Happiness can be pursued when inalienable rights are protected and rule of law is established. That should be the extent of government involvement regarding the pursuit of happiness. For example, a basketball game requires referees (rule of law), but the players should be free to reach their potential, each striving for points, cooperating for mutual points, and using their skills.
Nothing is worse than when a player’s skills are not being utilized. And no win is truly satisfactory if the referee colludes and favors one player or team over another. And certainly it would be ridiculous to make tall people play on their knees or to redistribute points in order to equalize outcomes. No one would keep playing.

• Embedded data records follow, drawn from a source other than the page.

(* Fix $n\ge 2$ and let, for $1\le i\le n$, $(a_i,a_i',a_i'')$ be triples of regular closed subsets of $\mathbb{R}^2$ with $a_i''\neq\emptyset$, $a_i''\cap\overline{\mathbb{R}^2\setminus a_i'}=\emptyset$ and $a_i'\cap\overline{\mathbb{R}^2\setminus a_i}=\emptyset$, such that: $a_i'\cup a_{i+1}''\cup\dots\cup a_n''$ is connected for each $1\le i\le n-1$; $a_n'$ is connected; and $a_i\cap a_j=\emptyset$ for all $1\le i,j\le n$ with $j-i>1$. Then for every point $p_0\in a_1'$ and every point $p_n\in a_n''$ there exist points $p_1,\dots,p_{n-1}$ and Jordan arcs $\alpha_1,\dots,\alpha_n$ such that: (i) the concatenation $\alpha=\alpha_1\cdots\alpha_n$ is a Jordan arc from $p_0$ to $p_n$; (ii) $p_i\in a_{i+1}'\cap\alpha_i$ for all $1\le i<n$; and (iii) $\alpha_i\subseteq a_i$ for all $1\le i\le n$.
   Context: A Jordan arc is a continuous injective map $[0,1]\to\mathbb{R}^2$ or a constant map, identified with its image. The concatenation $\alpha_1\cdots\alpha_n$ being a Jordan arc from $p_0$ to $p_n$ means each $\alpha_i$ ends where $\alpha_{i+1}$ begins, $\alpha_1$ starts at $p_0$, $\alpha_n$ ends at $p_n$, and the union traversed in order is a Jordan arc. *)

From HB Require Import structures.
From mathcomp Require Import all_boot all_order all_algebra.
From mathcomp Require Import all_classical all_reals all_analysis.
Set Implicit Arguments. Unset Strict Implicit. Unset Printing Implicit Defensive.
Import Order.TTheory GRing.Theory Num.Theory.
Import numFieldNormedType.Exports.
Local Open Scope classical_set_scope.
Local Open Scope ring_scope.

Definition regular_closed {T : topologicalType} (A : set T) : Prop :=
  closure (interior A) = A.

Definition unit_itv (R : realType) : set R := [set t | 0 <= t <= 1].
Arguments unit_itv R : clear implicits.

Definition jordan_arc (R : realType) (f : R -> R * R) : Prop :=
  ({within (unit_itv R), continuous f} /\
   (forall s t, unit_itv R s -> unit_itv R t -> f s = f t -> s = t))
  \/ (exists c, forall t, unit_itv R t -> f t = c).

Definition trace (R : realType) (f : R -> R * R) : set (R * R) :=
  f @` unit_itv R.

(* The concatenation al 1 ... al n is a Jordan arc from p 0 to p n through
   p 1, ..., p (n-1): each al i is a Jordan arc from p (i-1) to p i, and the
   union traversed in order is a Jordan arc, i.e. there is one Jordan arc g
   from p 0 to p n and parameters 0 = t 0 <= t 1 <= ... <= t n = 1 with
   g (t i) = p i such that the trace of al i is g([t (i-1), t i]). *)
Definition concat_jordan_arc (R : realType) (n : nat)
    (al : nat -> R -> R * R) (p : nat -> R * R) : Prop :=
  (forall i, (1 <= i <= n)%N ->
     jordan_arc (al i) /\ al i 0 = p i.-1 /\ al i 1 = p i) /\
  exists (g : R -> R * R) (t : nat -> R),
    [/\ jordan_arc g, g 0 = p 0%N, g 1 = p n, t 0%N = 0 & t n = 1] /\
    (forall i, (i < n)%N -> t i <= t i.+1) /\
    (forall i, (i <= n)%N -> g (t i) = p i) /\
    (forall i, (1 <= i <= n)%N ->
       trace (al i) = g @` [set s | t i.-1 <= s <= t i]).

(* The arcs are built one at a time.  Given the chain up to a point [p] of
   [a' i], consider the points reachable from [p] by polygonal arcs that run in
   the interior of [a i] and avoid the last arc built.  They form an open set
   which, together with [p], is relatively clopen in the connected set
   [a' i `|` a'' i.+1 `|` ... `|` a'' n]; so they reach [a' i.+1] (or [pn] when
   [i = n]), and cutting at the first hit gives the next arc.  Polygonal arcs
   are used because their endpoint is exposed: short segments from it meet the
   arc nowhere else, so the reachable set contains all nearby points.  The
   earlier arcs lie in the [a j] with [j.+1 < i], which are disjoint from
   [a i], so the concatenation stays injective. *)

From HB Require Import structures.
From mathcomp Require Import all_boot all_order all_algebra.
From mathcomp Require Import all_classical all_reals all_analysis.
From mathcomp Require Import ring lra.
Import Order.TTheory GRing.Theory Num.Theory.
Import numFieldNormedType.Exports.
Local Open Scope classical_set_scope.
Local Open Scope ring_scope.
Set Implicit Arguments.
Unset Strict Implicit.
Unset Printing Implicit Defensive.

Our generation is going to have a difficult time with our pursuit of happiness. The anemic economy staggers along under a veil of uncertainty, fear and strain as the government continues to interfere in it. If we can find a job, it may not be one in our field of study, and our skills may not be utilized. We may be content with a source of income, but not happy or satisfied with our work.
It has been said that our future has been “mortgaged” as the government continues to spend money it does not have. But what does that mean? How does our national debt affect us?
When it comes to dealing with our national debt, the government has four options. It can raise taxes, borrow and print money, cut spending or grow the economy to increase tax revenue. Currently, the government is borrowing and thus printing money, which devalues the dollar, and threatening to raise taxes, which would hurt economic growth.
“More money,” Economist Lawrence Kudlow writes in The Investor’s Business Daily, “doesn’t necessarily mean more growth. More Fed-money won’t increase the rewards for risk, entrepreneurship, business hiring, and hard work. Keeping more of what you earn after-tax is the true spark of economic growth. Not the Fed. […] So at the end of the day, Obama’s economic program of tax, spend and regulate has been a dismal failure.”
Four more years of ‘Obamanomics’ will affect our generation’s pursuit of happiness as it consigns us to a future of declining incomes and rising living costs. But this bleak future does not have to be. It is not too late to change our direction in regards to reducing our national debt. There is a path for a real economic recovery. As Romney plans to do, we need to grow the economy and cut spending, ensuring future wealth creation and the pursuit of happiness for our generation.